Stored items from a collection:
═══

Lemma yfil_ymul m n a : a \in yfil n -> y ^+ m * a \in yfil (m + n).
Proof.
by move=> fa; elim: m => [|m IH]; rewrite ?mul1r // exprS -mulrA addSn yfil_y.
Qed.

Lemma yfil_mul i j a b : a \in yfil i -> b \in yfil j -> a * b \in yfil (i + j).-1.
Proof.
case: i => [/yfil0_eq0-> _|i /yfilP[P sP ->] fb]; first by rewrite mul0r rpred0.
rewrite /evxy mulr_suml rpred_sum // => l _; rewrite -mulrA yfil_polyA //.
by apply: yfilS (yfil_ymul l fb); rewrite leq_add2r -ltnS (leq_trans (ltn_ord l)).
Qed.

Lemma ySn_polyA m q : exists2 r, r \in yfil m &
  y ^+ m.+1 * pA q = pA q * y ^+ m.+1 + pA (m.+1%:R *: nderiv q) * y ^+ m + r.
Proof.
elim: m => [|m [r fr E]].
  by exists 0; rewrite ?rpred0 // addr0 scale1r expr1 mulr1 y_polyA.
exists (pA (nderiv (m.+1%:R *: nderiv q)) * y ^+ m + y * r).
  by rewrite rpredD ?yfil_monomial ?yfil_y.
rewrite exprS -mulrA E !mulrDr !mulrA !y_polyA !mulrDl -!mulrA -!exprS !addrA.
rewrite -(addrA (pA q * _)) -mulrDl -rmorphD /= -{1}[nderiv q]scale1r -scalerDl.
by rewrite [1 + _]addrC natr1.
Qed.

Lemma yn_polyA m q : exists2 r, r \in yfil m & y ^+ m * pA q = pA q * y ^+ m + r.
Proof.
case: m => [|m]; first by exists 0; rewrite ?rpred0 // expr0 mulr1 mul1r addr0.
have [r fr ->] := ySn_polyA m q; exists (pA (m.+1%:R *: nderiv q) * y ^+ m + r).
  by rewrite rpredD ?yfil_monomial ?(yfilS _ fr).
by rewrite addrA.
Qed.

Lemma evxy_lead P : exists2 r, r \in yfil (size P).-1 &
  evxy P = pA (lead_coef P) * y ^+ (size P).-1 + r.
Proof.
rewrite /lead_coef /evxy; case sP: (size P) => [|m].
  by exists 0; rewrite ?rpred0 // big_ord0 nth_default ?sP // rmorph0 mul0r addr0.
exists (\sum_(j < m) pA P`_j * y ^+ j); last by rewrite big_ord_recr addrC.
by rewrite rpred_sum // => j _; apply: yfilS (yfil_monomial _ _).
Qed.

Lemma commx_ypow j : y ^+ j * x - x * y ^+ j \in yfil j.
Proof.
case: j => [|j]; first by rewrite expr0 mulr1 mul1r subrr rpred0.
have [r fr] := ySn_polyA j 'X; rewrite polyAX => ->.
by rewrite addrAC [_ - x * _]addrAC subrr add0r rpredD ?yfil_monomial ?(yfilS _ fr).
Qed.

Lemma commx_yfil d a : a \in yfil d -> a * x - x * a \in yfil d.-1.
Proof.
case/yfilP=> P sP ->; rewrite /evxy mulr_suml mulr_sumr -sumrB rpred_sum // => j _.
rewrite -mulrA (mulrA x) -polyA_comm -mulrA -mulrBr yfil_polyA //.
apply: yfilS (commx_ypow j); rewrite -ltnS (leq_trans (ltn_ord j)) //.
by rewrite (leq_trans sP) // leqSpred.
Qed.

Definition phi_hom f l (h : A -> A) :=
  [/\ is_alg_hom h, h x = l *: x & h y = l ^+ N.-1 *: y + pA f].

Lemma phi_hom_id : phi_hom 0 1 id.
Proof.
by split; [exact: alg_hom_id | rewrite scale1r | rewrite expr1n scale1r rmorph0 addr0].
Qed.

Lemma phi_hom_comp (p q : {poly k} * k) h1 h2 :
  phi_hom p.1 p.2 h1 -> phi_hom q.1 q.2 h2 ->
  phi_hom (bowtie_mul N p q).1 (bowtie_mul N p q).2 (h1 \o h2).
Proof.
case: p q => f l [g m] [hh1 h1x h1y] [hh2 h2x h2y]; split=> /=; first exact: alg_hom_comp.
  by rewrite h2x (alg_homZ hh1) h1x scalerA mulrC.
rewrite h2y (alg_homD hh1) (alg_homZ hh1) (alg_hom_polyA hh1) h1x h1y polyA_scale.
by rewrite scalerDr scalerA rmorphD /= linearZ /= addrA exprMn mulrC.
Qed.

Lemma phi_relation f l : (1 <= N)%N ->
  (l ^+ N.-1 *: y + pA f) * (l *: x) - (l *: x) * (l ^+ N.-1 *: y + pA f) = (l *: x) ^+ N.
Proof.
move=> N_gt0; rewrite mulrDl mulrDr opprD addrACA.
have -> : pA f * (l *: x) - l *: x * pA f = 0 by rewrite -scalerAr -scalerAl polyA_comm subrr.
rewrite addr0 -!scalerAr -!scalerAl !scalerA [l ^+ N.-1 * l]mulrC -scalerBr yx_rel.
by rewrite -exprS prednK // exprZn.
Qed.

Section Presentation.
Hypothesis univ : forall (B : algType k) (a b : B), b * a - a * b = a ^+ N ->
  (exists h : A -> B, [/\ is_alg_hom h, h x = a & h y = b]) /\
  (forall h1 h2 : A -> B, is_alg_hom h1 -> is_alg_hom h2 ->
     h1 x = h2 x -> h1 y = h2 y -> h1 =1 h2).

Lemma evxy_eq0 P : evxy P = 0 -> P = 0.
Proof.
have [[h [hh hx hy]] _] := univ (bend_relation k N).
move=> /(congr1 (fun a => h a 1)); rewrite (alg_hom0 hh) /evxy (alg_hom_sum hh) bend_sum.
under eq_bigr do rewrite (alg_homM hh) (alg_homX hh) (alg_hom_polyA hh) hx hy bend_monomial.
by rewrite -swapXY_sum /= => /eqP; rewrite swapXY_eq0 => /eqP.
Qed.
Lemma mean_sqnorm_u_next_le (B1 : nat) beta w w1 (u : 'I_m -> 'rV[R]_p) :
  (0 < B1 <= m)%N -> 0 <= beta <= 1 / 2 ->
  (('C(m, B1)%:R^-1)%:E * \sum_(S : {set 'I_m} | #|S| == B1) \sum_(i < m)
      \int[mu]_xi (sqnorm (u_next g beta (gamma_coef m B1 beta) w w1 (u i) S i xi
                           - u i))%:E
  <= (2 * B1%:R * beta ^+ 2 * s
      + 4 * B1%:R * beta ^+ 2 / m%:R * \sum_(i < m) sqnorm (u i - gbar i w)
      + 9 * m%:R ^+ 2 * Cg ^+ 2 / B1%:R * sqnorm (w1 - w))%:E)%E.
Proof.
move=> B1_bnd beta_bnd; have /andP[B1_gt0 B1_le_m] := B1_bnd.
set gamma := gamma_coef m B1 beta.
set U := \sum_(i < m) sqnorm (u i - gbar i w); set D := sqnorm (w1 - w).
pose K i := 2 * beta ^+ 2 * (s + sqnorm (u i - gbar i w))
  + 2 * (beta + gamma) ^+ 2 * (Cg ^+ 2 * D).
apply: (@le_trans _ _ (('C(m, B1)%:R^-1
    * \sum_(S : {set 'I_m} | #|S| == B1) \sum_(i in S) K i)%:E)).
  rewrite EFinM; apply: lee_wpmul2l; first by rewrite lee_fin invr_ge0.
  rewrite -sumEFin; apply: lee_sum => S _.
  rewrite [X in (_ <= X%:E)%E]big_mkcond -sumEFin /=.
  by apply: lee_sum => i _; exact: integral_sqnorm_u_next_le.
have := mean_ksubsets_sum B1_gt0 K; rewrite card_ord => -> //; rewrite lee_fin.
have sumK : \sum_i K i
    = m%:R * (2 * beta ^+ 2 * s + 2 * (beta + gamma) ^+ 2 * (Cg ^+ 2 * D))
      + 2 * beta ^+ 2 * U.
  rewrite (eq_bigr (fun i => 2 * beta ^+ 2 * s
      + 2 * (beta + gamma) ^+ 2 * (Cg ^+ 2 * D)
      + 2 * beta ^+ 2 * sqnorm (u i - gbar i w))); last by move=> i _; rewrite /K; ring.
  by rewrite big_split /= sumr_const card_ord -[_ *+ m]mulr_natl -mulr_sumr.
have m_pos : 0 < m%:R :> R by rewrite ltr0n (leq_trans B1_gt0).
have B1_pos : 0 < B1%:R :> R by rewrite ltr0n.
have U_ge0 : 0 <= U by apply: sumr_ge0 => i _; exact: sqnorm_ge0.
have D_ge0 : 0 <= D := sqnorm_ge0 _.
have gamma_le := gamma_coef_sqr_le B1_bnd beta_bnd.
have Cg2_ge0 := sqr_ge0 Cg; have beta2_ge0 := sqr_ge0 beta.
rewrite sumK; set X := B1%:R * (beta + gamma) in gamma_le *.
have -> : B1%:R / m%:R * (m%:R * (2 * beta ^+ 2 * s
    + 2 * (beta + gamma) ^+ 2 * (Cg ^+ 2 * D)) + 2 * beta ^+ 2 * U)
    = 2 * B1%:R * beta ^+ 2 * s + 2 * B1%:R * beta ^+ 2 / m%:R * U
      + 2 * X ^+ 2 * Cg ^+ 2 / B1%:R * D.
  by rewrite /X; field; rewrite !gt_eqF.
rewrite lerD // ?lerD // ler_wpM2r //.
  by rewrite ler_wpM2r ?invr_ge0 ?ler0n //; nra.
by rewrite ler_wpM2r ?invr_ge0 ?ler0n //; nra.
Qed.

End stochastic_update.

Local Open Scope classical_set_scope.
(* Let $n\in(-1,1)$ and let $\mathcal{S}\in\mathscr{W}$ be $C^4$-smooth with astigmatism $s$. Suppose (3) $s^{(i)}\sim c_i\sin^{m-i}\theta$ as $\theta\to0$ and as $\theta\to\pi$, for some $m>n+3$ and $i=0,1,2$, with constants $c_i$ possibly different at $\theta=0$ and $\theta=\pi$. Then both (1) $\mathscr{L}^n_n\left(\frac{s}{\sin^{n+2}\theta}\right)\in L^2_{\sin\theta}(0,\pi)$, and (2) $n\cdot\lim_{\theta\to0}\frac{s}{\sin^2\theta}=n\cdot\lim_{\theta\to\pi}\frac{s}{\sin^2\theta}=0$ hold.
   Context: $\mathscr{W}$ is the set of embedded $C^2$-smooth topological 2-spheres in $\mathbb{R}^3$ that are rotationally symmetric and strictly convex, parametrised by the inverse Gauss map with $\theta\in[0,\pi]$ the angle between the outward normal and the symmetry axis; with support function $r=\vec X\cdot\hat n$, $r_1=\frac{\cos^2\theta}{\sin\theta}\frac{d}{d\theta}(r/\cos\theta)$, $r_2=r''+r$, and astigmatism $s=r_2-r_1$; $s^{(i)}$ is the $i$-th derivative in $\theta$. $\mathscr{L}^n_n=\frac{d^2}{d\theta^2}+\cot\theta\frac{d}{d\theta}+n(n+1)-\frac{n^2}{\sin^2\theta}$. $L^2_{\sin\theta}(0,\pi)$: complex-valued functions square integrable w.r.t. $\sin\theta\,d\theta$. *)

From HB Require Import structures.
From mathcomp Require Import all_boot all_order all_algebra.
From mathcomp Require Import all_classical all_reals all_analysis.
Set Implicit Arguments. Unset Strict Implicit. Unset Printing Implicit Defensive.
Import Order.TTheory GRing.Theory Num.Theory.
Import numFieldNormedType.Exports.
Local Open Scope classical_set_scope.
Local Open Scope ring_scope.

Section Defs.
Variable R : realType.
Implicit Types (r f : R -> R) (t : R).

(* Radii of curvature from the support function r(theta):
   r1 = cos^2/sin * d/dtheta (r / cos) = r' cot + r   (expanded form)
   r2 = r'' + r *)
Definition rad1 r t : R := derive1 r t * (cos t / sin t) + r t.
Definition rad2 r t : R := derive1n 2 r t + r t.

Definition astig r t : R := rad2 r t - rad1 r t.

(* S in W, C^4-smooth, described by its support function r along a meridian
   (theta in R, the restriction of the support function on S^2 to a great
   circle through the poles): r is C^4, even, 2pi-periodic, and the surface
   is strictly convex (both principal radii of curvature positive on [0,pi],
   at the poles r1 = r2 so the condition is on r2). *)
Definition W4 r : Prop :=
  (forall k : nat, (k < 4)%N -> forall x : R, derivable (derive1n k r) x 1) /\
      continuous (derive1n 4 r) /\
      (forall t, r (- t) = r t) /\
      (forall t, r (t + 2 * pi) = r t) /\
      (forall t, 0 < t < pi -> 0 < rad1 r t /\ 0 < rad2 r t) /\
    (0 < rad2 r 0 /\ 0 < rad2 r pi).

Definition Lnn (n : R) f t : R :=
  derive1n 2 f t + (cos t / sin t) * derive1 f t
  + (n * (n + 1) - n ^+ 2 / sin t ^+ 2) * f t.

Definition L2sin f : Prop :=
  (@lebesgue_measure R).-integrable `]0, pi[
     (fun t => ((f t) ^+ 2 * sin t)%:E).

End Defs.

From HB Require Import structures.
From mathcomp Require Import all_boot all_order all_algebra.
From mathcomp Require Import all_classical all_reals all_analysis.
From mathcomp Require Import measurable_realfun ring lra.
Import Order.TTheory GRing.Theory Num.Theory.
Import numFieldNormedType.Exports.
Local Open Scope classical_set_scope.
Local Open Scope ring_scope.

(* On ]0, pi[ the astigmatism s = r'' - r' cot(theta) is C^2, and a direct computation
   gives, for f = s / sin^a with a = n + 2,
     L^n_n f = sin^(m-a-2) * Q,
   where Q is a polynomial in cos, sin and the ratios s^(i) / sin^(m-i), i <= 2.  By (3)
   these ratios converge at both ends of ]0, pi[, so Q is bounded by some K and
   |L^n_n f|^2 sin <= K^2 sin^(2(m-a-2)+1), which is integrable since 2(m-a-2)+2 > 0.
   For (2), s / sin^2 = (s / sin^m) * sin^(m-2) tends to 0 because m > n + 3 > 2. *)

Section twice_derivable_on.
Context {R : realType}.
Implicit Types (f g : R -> R) (x d : R).

Lemma derive1_val {f x d} : is_derive x 1 f d -> derive1 f x = d.
Proof. by move=> fd; rewrite derive1E derive_val. Qed.

Lemma is_derive1 {f x} : derivable f x 1 -> is_derive x 1 f (derive1 f x).
Proof. by rewrite derive1E; exact: derivableP. Qed.

Lemma is_derive_derivable {f x d} : is_derive x 1 f d -> derivable f x 1.
Proof. by case. Qed.

Lemma derivable_continuous {f x} : derivable f x 1 -> {for x, continuous f}.
Proof. by move=> /derivable1_diffP/differentiable_continuous. Qed.

Lemma derive1M f g x : derivable f x 1 -> derivable g x 1 ->
  derive1 (f * g) x = derive1 f x * g x + f x * derive1 g x.
Proof.
move=> /is_derive1 df /is_derive1 dg; rewrite (derive1_val (is_deriveM df dg)).
by rewrite addrC mulrC.
Qed.

Lemma derive1B f g x : derivable f x 1 -> derivable g x 1 ->
  derive1 (f - g) x = derive1 f x - derive1 g x.
Proof.
by move=> /is_derive1 df /is_derive1 dg; rewrite (derive1_val (is_deriveB df dg)).
Qed.

Definition C2_on (I : interval R) f :=
  {in I, forall x, derivable f x 1 /\ derivable (derive1 f) x 1} /\
  {in I, continuous (derive1n 2 f)}.

Lemma C2_on_continuous {I f k} : C2_on I f -> (k <= 2)%N ->
  {in I, continuous (derive1n k f)}.
Proof.
move=> [df cf] k2 x xI; have [dfx df'x] := df x xI.
move: k2; rewrite leq_eqVlt => /orP[/eqP -> |]; first exact: cf.
rewrite ltnS leq_eqVlt => /orP[/eqP -> |]; first exact: derivable_continuous df'x.
by rewrite ltnS leqn0 => /eqP ->; exact: derivable_continuous dfx.
Qed.

Lemma derive1_onM {I f g} : C2_on I f -> C2_on I g ->
  {in I, derive1 (f * g) =1 derive1 f * g + f * derive1 g}.
Proof.
move=> Cf Cg y yI; have [dfy _] := Cf.1 y yI; have [dgy _] := Cg.1 y yI.
exact: derive1M.
Qed.

Context {I : interval R} (oI : open [set` I]).

Lemma near_eq_on {f g x} : {in I, f =1 g} -> x \in I -> {near x, f =1 g}.
Proof. by move=> fg xI; apply: filterS (oI x xI) => y /fg. Qed.

Lemma derivable_eq_on {f g x} : {in I, f =1 g} -> x \in I ->
  derivable g x 1 -> derivable f x 1.
Proof. by move=> fg xI; apply: near_eq_derivable; apply: near_eq_on xI => y /fg ->. Qed.

Lemma continuous_eq_on {f g x} : {in I, f =1 g} -> x \in I ->
  {for x, continuous g} -> {for x, continuous f}.
Proof.
move=> fg xI cg; have fgx := near_eq_on fg xI.
rewrite /prop_for /continuous_at (nbhs_singleton fgx).
by apply: cvg_trans cg; apply: near_eq_cvg; apply: filterS fgx.
Qed.

Lemma derive1_eq_on {f g} : {in I, f =1 g} -> {in I, derive1 f =1 derive1 g}.
Proof. by move=> fg x xI; rewrite !derive1E; apply/near_eq_derive/near_eq_on. Qed.

Lemma C2_on_eq {f g} : {in I, f =1 g} -> C2_on I f -> C2_on I g.
Proof.
move=> fg Cf; have gf y : y \in I -> g y = f y by move=> /fg ->.
have g'f' := derive1_eq_on gf; have g''f'' := derive1_eq_on g'f'.
split=> x xI; last exact: continuous_eq_on g''f'' xI (Cf.2 x xI).
have [dfx df'x] := Cf.1 x xI.
by split; [exact: derivable_eq_on gf xI dfx|exact: derivable_eq_on g'f' xI df'x].
Qed.

Lemma derive1n2M {f g} : C2_on I f -> C2_on I g -> {in I, forall x,
  derive1n 2 (f * g) x =
  derive1n 2 f x * g x + 2 * (derive1 f x * derive1 g x) + f x * derive1n 2 g x}.
Proof.
move=> Cf Cg x xI; rewrite /= (derive1_eq_on (derive1_onM Cf Cg) x xI).
have [/is_derive1 Df /is_derive1 Df'] := Cf.1 x xI.
have [/is_derive1 Dg /is_derive1 Dg'] := Cg.1 x xI.
rewrite (derive1_val (is_deriveD (is_deriveM Df' Dg) (is_deriveM Df Dg'))).
(* generalizing the atoms keeps [ring] from unfolding the limits inside [derive1] *)
rewrite -![_ *: _]/(_ * _); move: (f x) (g x) (derive1 f x) (derive1 g x).
by move: (derive1 (derive1 f) x) (derive1 (derive1 g) x) => *; ring.
Qed.

Lemma C2_onM {f g} : C2_on I f -> C2_on I g -> C2_on I (f * g).
Proof.
move=> Cf Cg; split=> x xI; have [dfx df'x] := Cf.1 x xI; have [dgx dg'x] := Cg.1 x xI.
  split; first exact: derivableM dfx dgx.
  apply: (derivable_eq_on (derive1_onM Cf Cg) xI).
  exact: derivableD (derivableM df'x dgx) (derivableM dfx dg'x).
apply: (continuous_eq_on (derive1n2M Cf Cg) xI).
have [cf0 cf1] := (derivable_continuous dfx, derivable_continuous df'x).
have [cg0 cg1] := (derivable_continuous dgx, derivable_continuous dg'x).
have c2 : {for x, continuous (fun=> 2 : R)} by exact: cvg_cst.
exact: continuousD (continuousD (continuousM (Cf.2 x xI) cg0)
  (continuousM c2 (continuousM cf1 cg1))) (continuousM cf0 (Cg.2 x xI)).
Qed.
Lemma reproduction_at_lt_1 : exists y, 0 < y /\ reproduction_at y < 1.
Proof.
  set (M := / kavg n p * sum1n n (fun k => phi k * p k * (Lk k / d))).
  pose proof kavg_pos as HK.
  assert (HM : 0 <= M).
  { apply Rmult_le_pos; [apply Rlt_le, Rinv_0_lt_compat; exact HK|].
    apply Rlt_le, sum1n_pos; auto. intros k Hk.
    apply Rmult_lt_0_compat; [apply Rmult_lt_0_compat|apply Rdiv_lt_0_compat]; auto. }
  assert (Hbound : forall T, 0 <= T -> T * reproduction_at T <= M).
  { intros T HT. rewrite <- Theta_I_of. unfold Theta, M.
    apply Rmult_le_compat_l; [apply Rlt_le, Rinv_0_lt_compat; exact HK|].
    apply sum1n_le. intros k Hk.
    apply Rmult_le_compat_l; [apply Rlt_le, Rmult_lt_0_compat; auto|].
    apply node_I_le with (eta := eta); auto. }
  exists (M + 1). split; [lra|].
  pose proof (Hbound (M + 1) ltac:(lra)).
  apply (Rmult_lt_reg_l (M + 1)); lra.
Qed.

Lemma reproduction_at_eq_1_exists :
  Rnought n p b d Phis lam phi mu alpha beta gamma omega delta > 1 ->
  exists T, 0 < T /\ reproduction_at T = 1.
Proof.
  intros HR. rewrite <- reproduction_at_0 in HR.
  destruct reproduction_at_lt_1 as (y & Hy & Hlt).
  destruct (IVT_interv (fun T => 1 - reproduction_at T) 0 y) as (z & Hz & Hfz).
  - intros a Ha. apply continuity_pt_minus.
    + apply continuity_pt_const. intros ? ?. reflexivity.
    + apply reproduction_at_continuous. lra.
  - exact Hy.
  - cbv beta. lra.
  - cbv beta. lra.
  - exists z. split; [|lra].
    destruct (Req_dec z 0) as [->|]; lra.
Qed.

Lemma reproduction_at_equilibrium S V I Q Rr :
  equilibrium S V I Q Rr -> 0 < Theta n p phi I -> reproduction_at (Theta n p phi I) = 1.
Proof.
  intros H HT. set (T := Theta n p phi I).
  assert (Hfix : T = T * reproduction_at T).
  { rewrite <- Theta_I_of. apply Theta_ext. intros k Hk.
    apply (equilibrium_state S V I Q Rr H (Rlt_le _ _ HT) k Hk). }
  apply (Rmult_eq_reg_l T); [|unfold T; lra]. rewrite <- Hfix. ring.
Qed.

Lemma disease_free_state :
  same_state n (S0 b d Phis alpha omega mu) (V0 b d Phis alpha omega mu) (fun _ => 0) (fun _ => 0)
    (R0comp b d Phis alpha omega mu) (S_of 0) (V_of 0) (I_of 0) (Q_of 0) (R_of 0).
Proof.
  intros k Hk.
  edestruct (node_state_0 (Lk k) (lam k) (mu k) d alpha beta gamma eta omega delta)
    as (HS & HV & HI & HQ & HR); auto.
  unfold S_of, V_of, I_of, Q_of, R_of. rewrite HR, HS, HV, HI, HQ.
  unfold S0, V0, R0comp, denom0. repeat split; unfold Rdiv; ring.
Qed.
Lemma is_derive_gauss_aux x : is_derive gauss_aux x (-2 * gauss x * gauss_int x).
Proof.
  set (f := fun u t => exp (- (u * u * (1 + t * t))) / (1 + t * t)).
  assert (hpos : forall t, 1 + t * t <> 0) by (intros t; nra).
  assert (hDf : forall u t, Derive (fun z => f z t) u = -2 * u * exp (- (u * u * (1 + t * t)))).
  { intros u t; apply is_derive_unique; unfold f; auto_derive; [auto|field; auto]. }
  assert (hf : forall u t, continuous (fun t => f u t) t)
    by (intros; apply ex_derive_continuous_R; unfold f; auto_derive; auto).
  replace (-2 * gauss x * gauss_int x) with (RInt (fun t => Derive (fun u => f u t) x) 0 1).
  - apply (is_derive_RInt_param f 0 1 x).
    + apply filter_forall; intros; unfold f; auto_derive; auto.
    + intros t _.
      apply continuity_2d_pt_ext with (f := fun u v => -2 * u * exp (- (u * u * (1 + v * v))));
        [intros; symmetry; apply hDf|].
      apply continuity_2d_pt_mult;
        [apply continuity_2d_pt_mult; [apply continuity_2d_pt_const|apply continuity_2d_pt_id1]|].
      apply continuity_1d_2d_pt_comp with (f := exp) (g := fun u v => - (u * u * (1 + v * v)));
        [apply derivable_continuous_pt, derivable_pt_exp|].
      apply continuity_2d_pt_opp, continuity_2d_pt_mult;
        [apply continuity_2d_pt_mult; apply continuity_2d_pt_id1|].
      apply continuity_2d_pt_plus; [apply continuity_2d_pt_const|].
      apply continuity_2d_pt_mult; apply continuity_2d_pt_id2.
    + apply filter_forall; intros; apply ex_RInt_continuous_R; auto.
  - (* substitute [y = x t] *)
    rewrite (RInt_ext_R _ (fun t => x * ((fun y => -2 * gauss x * gauss y) (x * t + 0)))).
    2: { intros t _; rewrite hDf; unfold gauss.
         replace (- (x * x * (1 + t * t))) with (- (x * x) + - ((x * t + 0) * (x * t + 0)))
           by ring.
         rewrite exp_plus; ring. }
    rewrite (RInt_comp_lin_R (fun y => -2 * gauss x * gauss y) x 0 0 1)
      by (apply ex_RInt_continuous_R; intros; apply ex_derive_continuous_R;
          unfold gauss; auto_derive; trivial).
    rewrite Rmult_0_r, Rmult_1_r, !Rplus_0_r.
    rewrite RInt_scal_R by (apply ex_RInt_continuous_R, gauss_continuous).
    reflexivity.
Qed.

═══

- **REQUIRED WORK**: From the data above, copy each line that holds "omega".

- **SOLUTION FOR THIS EXERCISE**:
  Rnought n p b d Phis lam phi mu alpha beta gamma omega delta > 1 ->
  same_state n (S0 b d Phis alpha omega mu) (V0 b d Phis alpha omega mu) (fun _ => 0) (fun _ => 0)
    (R0comp b d Phis alpha omega mu) (S_of 0) (V_of 0) (I_of 0) (Q_of 0) (R_of 0).
  edestruct (node_state_0 (Lk k) (lam k) (mu k) d alpha beta gamma eta omega delta)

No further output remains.